Question: Can you explain me any major issue that you fixed in VMware Infrastructure? How you handle that situation? Can you list the steps that you followed to fix that problem?
Answer: It’s long back that I wrote the post for real time scenarios and today going to help you guys with one of common Interview question for this “Thanks Giving Day”. It’s always good to pick Storage related issues which creates high impact for both Phyiscal & VMware Infrastructures. I’m going to take the scenario of couple of VMs’ are not responding including vCenter Server which is also running as Virtual Machine.
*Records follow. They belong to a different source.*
(* With sigma = (1 + alpha)/2 and eta = 1 - alpha, the condition
   delta <= X / ((8 / sqrt eta) A) bounds q = A delta by sqrt(eta) X / 8,
   which meets both smallness requirements of energy_sum_bound since
   1 - sigma^2 >= 3 eta / 4. *)
Lemma inexactness_budget alpha A delta X :
  0 <= alpha < 1 -> 0 < A -> 0 <= delta -> 0 <= X ->
  delta <= X / ((8 / sqrt (1 - alpha)) * A) ->
  let sigma := (1 + alpha) / 2 in
  A * delta <= X / 8 /\ (1 + 2 * sigma ^ 2 / (1 - sigma ^ 2)) * (A * delta) ^ 2 <= X ^ 2 / 16.
Proof.
  intros Ha HA Hd HX Hdelta sigma.
  set (eta := 1 - alpha) in *; set (q := A * delta).
  assert (Heta : 0 < eta <= 1) by (unfold eta; lra).
  assert (Hs2 := sqrt_sqrt eta ltac:(lra)); assert (Hs := sqrt_lt_R0 eta ltac:(lra)).
  assert (Hs1 : sqrt eta <= 1) by nra.
  assert (Hq0 : 0 <= q) by (unfold q; nra).
  assert (Hbud : q <= sqrt eta * X / 8).
  { unfold q; set (P := 8 / sqrt eta * A) in *.
    assert (HP : 0 < P) by (unfold P; apply Rmult_lt_0_compat; [apply Rdiv_lt_0_compat|]; lra).
    assert (H1 : delta * P <= X / P * P) by (apply Rmult_le_compat_r; lra).
    replace (X / P * P) with X in H1 by (field; lra).
    replace (A * delta) with (sqrt eta / 8 * (delta * P)) by (unfold P; field; lra).
    apply (Rmult_le_compat_l (sqrt eta / 8)) in H1; lra. }
  assert (Hq2 : q ^ 2 <= eta * X ^ 2 / 64).
  { assert (q * q <= (sqrt eta * X / 8) * (sqrt eta * X / 8)) by (apply Rmult_le_compat; lra).
    nra. }
  assert (Hc : 3 * eta / 4 <= 1 - sigma ^ 2) by (unfold sigma, eta in *; nra).
  assert (Hsig : sigma ^ 2 <= 1) by (unfold sigma; nra).
  split; [nra|].
  assert (Hfrac : 2 * sigma ^ 2 / (1 - sigma ^ 2) * q ^ 2 <= X ^ 2 / 24).
  { apply (Rmult_le_reg_l (1 - sigma ^ 2)); [lra|].
    replace ((1 - sigma ^ 2) * (2 * sigma ^ 2 / (1 - sigma ^ 2) * q ^ 2))
      with (2 * sigma ^ 2 * q ^ 2) by (field; lra).
    assert (0 <= q ^ 2) by apply pow2_ge_0; nra. }
  assert (eta * X ^ 2 <= X ^ 2) by nra.
  nra.
Qed.
Lemma widen_ord_lift_max k (j : 'I_k) : widen_ord (leqnSn k) j = lift ord_max j.
Proof. exact/val_inj/esym/lift_max. Qed.

Section FfunRcons.
Variable T : finType.

Definition ffun_rcons k (g : {ffun 'I_k -> T}) (v : T) : {ffun 'I_k.+1 -> T} :=
  [ffun i => if unlift ord_max i is Some j then g j else v].

Lemma ffun_rcons_max k (g : {ffun 'I_k -> T}) v : ffun_rcons g v ord_max = v.
Proof. by rewrite ffunE unlift_none. Qed.

Lemma ffun_rcons_lift k (g : {ffun 'I_k -> T}) v j : ffun_rcons g v (lift ord_max j) = g j.
Proof. by rewrite ffunE liftK. Qed.

Lemma big_ffun_rcons (V : nmodType) k (F : {ffun 'I_k.+1 -> T} -> V) :
  \sum_f F f = \sum_(g : {ffun 'I_k -> T}) \sum_v F (ffun_rcons g v).
Proof.
rewrite pair_big /= (reindex (fun p => ffun_rcons p.1 p.2)) //.
exists (fun f : {ffun 'I_k.+1 -> T} => ([ffun j => f (lift ord_max j)], f ord_max)).
  move=> [g v] _ /=.
  by congr pair; [apply/ffunP => j; rewrite ffunE ffun_rcons_lift | exact: ffun_rcons_max].
move=> f _; apply/ffunP => i; case: (unliftP ord_max i) => [j ->|->].
  by rewrite ffun_rcons_lift ffunE.
by rewrite ffun_rcons_max.
Qed.

Lemma big_ffun_ord0 (V : nmodType) (F : {ffun 'I_0 -> T} -> V) f0 :
  \sum_f F f = F f0.
Proof. by rewrite (big_pred1 f0) // => f; apply/esym/eqP/ffunP => -[]. Qed.
(* Consider a main effect plan on $n$ runs with factors $F_1,\dots,F_m$ ($m\ge 3$) in which every level of every factor occurs, and fix $i\in\{1,\dots,m\}$. Let $\bar i=\{1,\dots,m+1\}\setminus\{i\}$. (a) $SS_{i;\bar i}=SS_{i;\{m+1\}}$ as functions of $Y\in\mathbb R^n$ if and only if for every $j\in\{1,\dots,m\}\setminus\{i\}$ the incidence matrix $N_{ij}$ satisfies the proportional frequency condition $N_{ij}=r_ir_j'/n$. (b) Suppose $i\le m-1$. Then $SS_{i;\bar i}=SS_{i;\{m,m+1\}}$ as functions of $Y$ if and only if $N_{ij}=N_{im}R_m^{-1}N_{jm}'$ for every $j\in\{1,\dots,m-1\}\setminus\{i\}$.
   Context: Model: $Y=\mathbf 1_n\mu+\sum_{i=1}^m X_i\alpha^i+\epsilon$, where $F_i$ has $a_i$ levels and $X_i$ is the $n\times a_i$ 0-1 design matrix ($(u,t)$ entry $1$ iff $F_i$ is at level $t$ in run $u$); put $X_{m+1}=\mathbf 1_n$. $N_{ij}=X_i'X_j$ is the incidence matrix of $F_i,F_j$ (entry $(s,t)$ = number of runs with $F_i$ at level $s$ and $F_j$ at level $t$), $r_i=X_i'\mathbf 1_n$ is the replication vector of $F_i$, and $R_i=\mathrm{diag}(r_i)$. $P_A=A(A'A)^-A'$ is the orthogonal projector onto the column space of $A$; for $S\subseteq\{1,\dots,m+1\}$, $P_S$ is the projector onto the column space of $[X_j]_{j\in S}$. For $i\notin T$: $C_{i;T}=X_i'(I-P_T)X_i$, $Q_{i;T}=X_i'(I-P_T)Y$, $SS_{i;T}=Q_{i;T}'(C_{i;T})^-Q_{i;T}$. *)

From HB Require Import structures.
From mathcomp Require Import all_boot all_order all_algebra.
Set Implicit Arguments. Unset Strict Implicit. Unset Printing Implicit Defensive.
Import Order.TTheory GRing.Theory Num.Theory.
Local Open Scope ring_scope.

(* The "terms" of the model are indexed by 'I_m.+1: index (lift ord_max k)
   (value k) is factor k (paper's F_{k+1}), and ord_max (value m) is the
   intercept X_{m+1} = 1_n. *)

Definition fac (m : nat) (k : 'I_m) : 'I_m.+1 := lift ord_max k.

Definition nlev (m : nat) (a : 'I_m -> nat) (j : 'I_m.+1) : nat :=
  if unlift ord_max j is Some k then a k else 1%N.

Definition Xd (R : fieldType) (n m : nat) (a : 'I_m -> nat)
  (lev : forall k : 'I_m, 'I_n -> 'I_(a k)) (j : 'I_m.+1)
  : 'M[R]_(n, nlev a j) :=
  \matrix_(u < n, t < nlev a j)
    (if unlift ord_max j is Some k then nat_of_ord (lev k u) == nat_of_ord t
     else true)%:R.

Definition Nmx (R : fieldType) n m a lev (j k : 'I_m.+1) :=
  (@Xd R n m a lev j)^T *m (@Xd R n m a lev k).

Definition rvec (R : fieldType) n m a lev (j : 'I_m.+1) : 'cV[R]_(nlev a j) :=
  (@Xd R n m a lev j)^T *m const_mx 1.

Definition Rdiag (R : fieldType) n m a lev (j : 'I_m.+1) : 'M[R]_(nlev a j) :=
  diag_mx (@rvec R n m a lev j)^T.

(* Orthogonal projector P_A = A (A'A)^- A', with the generalized inverse
   (A'A)^- taken to be mathcomp's pinvmx (which satisfies B B^- B = B). *)
Definition projmx (R : fieldType) (n p : nat) (A : 'M[R]_(n, p)) : 'M[R]_n :=
  A *m pinvmx (A^T *m A) *m A^T.

(* P_S: projector onto the column space of [X_j]_{j in S}; the columns of
   the n x n matrix spanS^T span exactly that column space. *)
Definition spanS (R : fieldType) n m a lev (S : {set 'I_m.+1}) : 'M[R]_n :=
  (\sum_(j in S) <<(@Xd R n m a lev j)^T>>)%MS.

Definition PS (R : fieldType) n m a lev (S : {set 'I_m.+1}) : 'M[R]_n :=
  projmx (@spanS R n m a lev S)^T.

Definition Cmx (R : fieldType) n m a lev (i : 'I_m.+1) (T : {set 'I_m.+1}) :=
  (@Xd R n m a lev i)^T *m (1%:M - @PS R n m a lev T) *m (@Xd R n m a lev i).

Definition Qmx (R : fieldType) n m a lev (i : 'I_m.+1) (T : {set 'I_m.+1})
  (Y : 'cV[R]_n) :=
  (@Xd R n m a lev i)^T *m (1%:M - @PS R n m a lev T) *m Y.

Definition SS (R : fieldType) n m a lev (i : 'I_m.+1) (T : {set 'I_m.+1})
  (Y : 'cV[R]_n) : 'M[R]_1 :=
  (@Qmx R n m a lev i T Y)^T *m pinvmx (@Cmx R n m a lev i T)
    *m (@Qmx R n m a lev i T Y).

From HB Require Import structures.
From mathcomp Require Import all_boot all_order all_algebra.
From mathcomp Require Import zify.
Import Order.TTheory GRing.Theory Num.Theory.
Local Open Scope ring_scope.
Set Implicit Arguments.
Unset Strict Implicit.
Unset Printing Implicit Defensive.

(* [SS_{i;T}(Y)] is the quadratic form in [Y] of the orthogonal projector onto
   the column space of [(I - P_T) X_i], so two sums of squares coincide as
   functions of [Y] iff these column spaces coincide.  When [span T] lies in
   [span T'], this happens iff [(I - P_T) X_i] is orthogonal to every [X_j] with
   [j] in [T'].  If moreover [span T] is the column space of some [Z] with [Z'Z]
   invertible ([Z = 1_n] for [T = {m+1}], [Z = X_m] for [T = {m, m+1}]), then
   [P_T = Z (Z'Z)^{-1} Z'] and the orthogonality reads
   [N_ij = X_i' Z (Z'Z)^{-1} Z' X_j], which specialises to the two
   conditions. *)

Section Projector.
Variable R : realFieldType.

Lemma mulmx_trmx_self_eq0 n (v : 'rV[R]_n) : v *m v^T = 0 -> v = 0.
Proof.
move/matrixP/(_ 0 0); rewrite !mxE => v2_eq0.
have : \sum_j v 0 j ^+ 2 == 0.
  by rewrite -{2}v2_eq0; apply/eqP/eq_bigr => j _; rewrite mxE expr2.
rewrite psumr_eq0; last by move=> j _; exact: sqr_ge0.
move/allP => vj_eq0; apply/matrixP => i j; rewrite mxE (ord1 i).
by have := vj_eq0 j (mem_index_enum _); rewrite sqrf_eq0 => /eqP.
Qed.
(* Let L be the matrix of letter counts of the return words, so that
   M_tau L = L M_{tau_u}.  If x M_tau = lam x, then either x L is an eigenvector
   of M_{tau_u}, or x L = 0 and lam^n x = x D_n for integer matrices D_n bounded
   independently of n, since M_tau^n = L G_n + D_n: the image tau^n(b) of a
   letter is a factor X_[s, e) of the fixed point, and a prefix of X is a
   concatenation of return words followed by a word shorter than the longest
   return word.  In the second case lam^n takes finitely many values, so lam is
   0 or a root of unity.
   The converse is the same argument for the transposed matrices: the return
   words inside tau^n(Theta k) are those starting inside the images tau^n(b) of
   the letters b of Theta k, and the number of return words of a given type
   starting inside tau^n(b) depends on b alone up to an error |u|, the only
   return words that cannot be read off the factor tau^n(b) being those that
   overhang its end. *)

(* Integer matrices with entries in [-C, C], encoded over a finite type. *)
Definition centered_mx (C p q : nat) (T : 'M['I_(C.*2.+1)]_(p, q)) : 'M[algC]_(p, q) :=
  map_mx (fun t : 'I_(C.*2.+1) => (t : nat)%:R - C%:R) T.

Lemma mulmx_exp_eigen (p : nat) (P : 'M[algC]_p) (x : 'rV_p) lam n :
  x *m P = lam *: x -> x *m P ^+ n = lam ^+ n *: x.
Proof.
move=> xP; elim: n => [|n IH]; first by rewrite expr0 mulmx1 scale1r.
by rewrite exprSr mulmxA IH -scalemxAl xP scalerA exprSr.
Qed.

Lemma root_of_unity_exp_eq (lam : algC) n m :
  lam != 0 -> (n < m)%N -> lam ^+ n = lam ^+ m -> is_root_of_unity lam.
Proof.
move=> lam0 lt_nm Enm; exists (m - n)%N; split; first by rewrite subn_gt0.
apply: (mulfI (expf_neq0 n lam0)); rewrite -exprD subnKC; last exact: ltnW.
by rewrite Enm mulr1.
Qed.

Lemma bounded_orbit_root_of_unity (p C : nat) (x : 'rV[algC]_p) (lam : algC) :
  x != 0 -> lam != 0 ->
  (forall n, exists T : 'M['I_(C.*2.+1)]_p, lam ^+ n *: x = x *m centered_mx T) ->
  is_root_of_unity lam.
Proof.
move=> x0 lam0 bounded.
pose K := #|{: 'M['I_(C.*2.+1)]_p}|.
have pickT (n : 'I_K.+1) :
    {T : 'M['I_(C.*2.+1)]_p | lam ^+ n *: x == x *m centered_mx T}.
  by apply: sig_eqW; have [T /eqP ET] := bounded n; exists T.
pose f n := sval (pickT n).
have fP (n : 'I_K.+1) : lam ^+ n *: x = x *m centered_mx (f n).
  exact/eqP/(svalP (pickT n)).
have /injectivePn [n [m neq_nm Efnm]] : ~~ injectiveb f.
  by apply/injectiveP => /leq_card; rewrite card_ord ltnn.
have Enm : lam ^+ n = lam ^+ m.
  have /eqP : (lam ^+ n - lam ^+ m) *: x = 0 by rewrite scalerBl !fP Efnm subrr.
  by rewrite scaler_eq0 (negbTE x0) orbF subr_eq0 => /eqP.
case: (ltngtP n m) => [lt|lt|/val_inj eq_nm].
- exact: root_of_unity_exp_eq lt Enm.
- exact: root_of_unity_exp_eq lt (esym Enm).
- by rewrite eq_nm eqxx in neq_nm.
Qed.
Definition bad4cycle (W : {set KV}) : Prop :=
  exists (w1 w2 w3 w4 : KV) (i j k : 'I_3),
    uniq [:: w1; w2; w3; w4] /\ colors3 i j k /\
    stick W i w1 w2 /\ stick W i w3 w4 /\
    common W j w2 w3 /\ common W k w4 w1.

Definition plainhex (W : {set KV}) : Prop :=
  exists (w1 w2 w3 w4 w5 w6 : KV) (i j k : 'I_3),
    uniq [:: w1; w2; w3; w4; w5; w6] /\ colors3 i j k /\
    stick W i w1 w2 /\ stick W i w4 w5 /\
    stick W j w2 w3 /\ stick W j w5 w6 /\
    stick W k w3 w4 /\ stick W k w6 w1.

Definition rainbow22 (W : {set KV}) (i j k : 'I_3) (w1 w2 w3 : KV) : Prop :=
  uniq [:: w1; w2; w3] /\ colors3 i j k /\
  stick W i w1 w2 /\ stick W j w2 w3 /\ common W k w1 w3.

Definition sharkteeth (W : {set KV}) : Prop :=
  exists (w1 w2 w3 u1 u2 u3 : KV) (i j k : 'I_3),
    rainbow22 W i j k w1 w2 w3 /\ rainbow22 W i j k u1 u2 u3 /\
    uniq [:: w1; w2; w3; u1; u2; u3] /\
    exists a, 3 <= #|Wia W k a| /\
      [/\ w1 \in Wia W k a, w3 \in Wia W k a, u1 \in Wia W k a & u3 \in Wia W k a].

End Kn.

From mathcomp Require Import all_boot zify.
Set Implicit Arguments. Unset Strict Implicit. Unset Printing Implicit Defensive.

(* In K(n) with all n_i >= 3, two distinct vertices are adjacent when they differ in
   every coordinate and otherwise have a common neighbour, so their distance is 1 or 2
   according as they share no coordinate or some coordinate.  Hence W fails to resolve
   two non-landmarks x, y exactly when W_{1,x_1} ∪ W_{2,x_2} ∪ W_{3,x_3} equals
   W_{1,y_1} ∪ W_{2,y_2} ∪ W_{3,y_3}.  If then x_i <> y_i, the hyperedge W_{i,x_i} is
   covered by W_{j,y_j} ∪ W_{k,y_k}, each of which meets it in at most one landmark, so
   it is a stick with one landmark in each.  According as x and y differ in one, two or
   three coordinates, these sticks form a bad 4-cycle, shark teeth or a plain hex;
   conversely, each of these configurations prescribes the coordinates of such a pair. *)

Lemma set2_cover (T : finType) (A P Q : {set T}) :
  1 < #|A| -> A \subset P :|: Q -> #|A :&: P| <= 1 -> #|A :&: Q| <= 1 ->
  exists p q, [/\ A = [set p; q], p \in P, q \in Q & p != q].
Proof.
move=> A2 /setIidPl AU P1 Q1.
have AE : A = (A :&: P) :|: (A :&: Q) by rewrite -setIUr AU.
have AUle : #|A| <= #|A :&: P| + #|A :&: Q| by rewrite {1}AE; apply: leq_card_setU.
have /cards1P [p Pp] : #|A :&: P| == 1 by apply/eqP; lia.
have /cards1P [q Qq] : #|A :&: Q| == 1 by apply/eqP; lia.
have /setIP [_ pP] : p \in A :&: P by rewrite Pp set11.
have /setIP [_ qQ] : q \in A :&: Q by rewrite Qq set11.
have AE' : A = [set p; q] by rewrite AE Pp Qq.
by exists p, q; split=> //; move: A2; rewrite AE' cards2; case: eqP.
Qed.

Lemma set2_mem (T : finType) (A : {set T}) p q : A = [set p; q] -> p \in A /\ q \in A.
Proof. by move=> ->; rewrite set21 set22. Qed.

Lemma walkn1 (T : finType) (e : rel T) x y : walkn e 1 x y = e x y.
Proof.
apply/existsP/idP => [[z /andP[exz /eqP <-]] // | exy].
by exists y; rewrite exy eqxx.
Qed.

Lemma avoid2 d a b : 2 < d -> exists c, [&& c < d, c != a & c != b].
Proof.
move=> d2; case: (boolP ((a != 0) && (b != 0))) => [/andP[a0 b0]|].
  by exists 0; rewrite !(eq_sym 0) a0 b0 andbT; lia.
case: (boolP ((a != 1) && (b != 1))) => [/andP[a1 b1]|].
  by exists 1; rewrite !(eq_sym 1) a1 b1 andbT; lia.
by rewrite !negb_and !negbK => ? ?; exists 2; apply/and3P; split; lia.
Qed.

Definition i0 : 'I_3 := @Ordinal 3 0 isT.
Definition i1 : 'I_3 := @Ordinal 3 1 isT.
Definition i2 : 'I_3 := @Ordinal 3 2 isT.

Lemma ord3_cases (m : 'I_3) : m = i0 \/ m = i1 \/ m = i2.
Proof.
case: m => [[|[|[|m]]] lt_m3] //; [left | right; left | right; right];
  exact: val_inj.
Qed.

Lemma colors3_cover (i j k : 'I_3) : colors3 i j k -> forall m, m = i \/ m = j \/ m = k.
Proof.
case=> ij jk ik m.
by case: (ord3_cases i) (ord3_cases j) (ord3_cases k) (ord3_cases m) ij jk ik
  => [->|[->|->]] [->|[->|->]] [->|[->|->]] [->|[->|->]]; auto.
Qed.

Lemma colors3_swap (i j k : 'I_3) : colors3 i j k -> colors3 j i k.
Proof. by case=> ij jk ik; split; rewrite // eq_sym. Qed.

Lemma colors3_rot (i j k : 'I_3) : colors3 i j k -> colors3 j k i.
Proof. by case=> ij jk ik; split; rewrite // eq_sym. Qed.

Lemma colors3_exists (k : 'I_3) : exists i j, colors3 i j k.
Proof.
by case: (ord3_cases k) => [->|[->|->]]; [exists i1, i2 | exists i0, i2 | exists i0, i1].
Qed.

Section Vertices.
Variables n1 n2 n3 : nat.
Local Notation T := (KV n1 n2 n3).
Local Notation dim := (dim n1 n2 n3).

Lemma coord_lt m (v : T) : coord m v < dim m.
Proof. by case: (ord3_cases m) => [->|[->|->]]; apply: ltn_ord. Qed.

Lemma coord_inj (u v : T) : (forall m, coord m u = coord m v) -> u = v.
Proof.
case: u v => [[a b] c] [[a' b'] c'] uv.
by move: (uv i0) (uv i1) (uv i2); rewrite /coord /= => /val_inj-> /val_inj-> /val_inj->.
Qed.

Lemma colors3_coord_inj i j k (u v : T) : colors3 i j k ->
  coord i u = coord i v -> coord j u = coord j v -> coord k u = coord k v -> u = v.
Proof. by move=> c *; apply: coord_inj => m; case: (colors3_cover c m) => [->|[->|->]]. Qed.

Lemma exists_vertex (f : 'I_3 -> nat) : (forall m, f m < dim m) ->
  exists v : T, forall m, coord m v = f m.
Proof.
move=> f_lt; exists ((Ordinal (f_lt i0), Ordinal (f_lt i1)), Ordinal (f_lt i2)).
by move=> m; case: (ord3_cases m) => [->|[->|->]].
Qed.

Lemma exists_vertex3 i j k a b c : colors3 i j k ->
  a < dim i -> b < dim j -> c < dim k ->
  exists v : T, [/\ coord i v = a, coord j v = b & coord k v = c].
Proof.
move=> col a_lt b_lt c_lt; case: (col) => ij jk ik.
pose f m := if m == i then a else if m == j then b else c.
have fi : f i = a by rewrite /f eqxx.
have fj : f j = b by rewrite /f eq_sym (negbTE ij) eqxx.
have fk : f k = c by rewrite /f eq_sym (negbTE ik) eq_sym (negbTE jk).
have f_lt m : f m < dim m by case: (colors3_cover col m) => [->|[->|->]]; rewrite ?fi ?fj ?fk.
have [v vf] := exists_vertex f_lt.
by exists v; rewrite !vf.
Qed.

Definition share (x w : T) := [exists m, coord m x == coord m w].

Hypotheses (n1_gt2 : 2 < n1) (n2_gt2 : 2 < n2) (n3_gt2 : 2 < n3).

Lemma Kadj_common (u v : T) : exists z, Kadj u z && Kadj z v.
Proof.
have dim_gt2 m : 2 < dim m by case: (ord3_cases m) => [->|[->|->]].
pose f m := xchoose (avoid2 (coord m u) (coord m v) (dim_gt2 m)).
have /all_and3 [f_lt fu fv] m : [/\ f m < dim m, f m != coord m u & f m != coord m v].
  exact/and3P/(xchooseP (avoid2 _ _ (dim_gt2 m))).
have [z zf] := exists_vertex f_lt.
by exists z; apply/andP; split; apply/forallP => m; rewrite zf // eq_sym.
Qed.
Lemma congr_entry_eval (a b : 'I_((n.+1).*2)) t :
  ((Pmat *m Mmat n 'X *m Pmat^T) a b).[t] =
  inv_sum n b (fun d => inv_sum n a (fun c => entry_val n t c.+1 d.+1)).
Proof.
rewrite !mxE horner_sum /inv_sum; apply: eq_bigr => d _.
rewrite !mxE hornerM horner_sum hornerC mulrC; congr (_ * _).
by apply: eq_bigr => c _; rewrite !mxE hornerM hornerC Mentry_eval hornerX.
Qed.

Definition eval_pt (k : nat) : rat := (k.+1%:R - (2 * n + 2)%:R) / 2.

Lemma eval_pt_inj : injective eval_pt.
Proof.
move=> k1 k2; rewrite /eval_pt => /(mulIf _) h.
have /h : (2 : rat) != 0 by [].
by move/addIr/eqP; rewrite eqr_nat eqSS => /eqP.
Qed.

Lemma eval_pt_arg k : 2%:R * eval_pt k + (2 * n + 2)%:R = k.+1%:R.
Proof. by rewrite /eval_pt mulrC divfK // subrK. Qed.

Lemma Mmat_refl : Mmat n (- N%:R - 'X) = Pmat *m Mmat n 'X *m Pmat^T.
Proof.
apply/matrixP => a b; apply: (poly_eq_on_seq eval_pt_inj) => k.
have ha : (a <= N)%N by rewrite -ltnS -size_M.
have hb : (b <= N)%N by rewrite -ltnS -size_M.
rewrite congr_entry_eval mxE Mentry_eval hornerD !hornerN hornerNat hornerX.
exact: entry_val_refl (eval_pt_arg k) ha hb.
Qed.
You can start the narration like – you got a call from Helpdesk about some VM’s are inaccessible in the vCenter server. When you connected to the vCenter server, you can’t access the console of VM’s as they stuck at black screen. From the screenshot it’s clear that, CPU & Memory usage is high for couple of hosts in the Cluster. You want to understand the reason for CPU & Memory utilization on the ESXi hosts and ran the “esxtop” command to know which VM/process creating more CPU/Memory utilization. If you are new to esxtop, then follow this article to know the usage of this command. As the issue is related to couple of virtual machine’s only then you downloaded vmware.log file to understand more about this issue from VM’s point of view. You notice that there is some latency to download the log files. While this issue is running, vCenter VM went to unresponsive state which makes the situation more worse. From the attempt of esxtop & vwware.log there is not much information to extract and management wants you to fix the vCenter VM issue first. Also SQL DB server also running as Virtual Machine which is holding vCenter & Update Manager DB’s. Also you installed PernixData (acquired by Nutanix) to improve storage I/O Performance for VM’s. These factors make the situation complex and below diagram helps you to understand the scenario in better way.
Now let’s talk about resolution step by step and how you found the issue with Storage. Help desk reported that another set of VM’s are not reachable in the network and they are hung at black screen when they opened the VM console from making direct connection to ESXi server. It means issue is really growing and impacting more business functions like SharePoint, Exchange, Citrix, Finance Applications … etc. Management declared this as MI (Major Incident) and requested you to join the bridge call along with other Technical teams like Storage, Network & Incident escalation managers. This is going to be collaboration effort rather than you fix this issue alone from VMware team. As there was latency to download the file and black screen for the VM console brings your attention to Storage related problems. esxtop has specific switches to understand storage related problems and check this article to know more details. For this escalation you need to know KAVG & DAVG values and thresholds as listed below.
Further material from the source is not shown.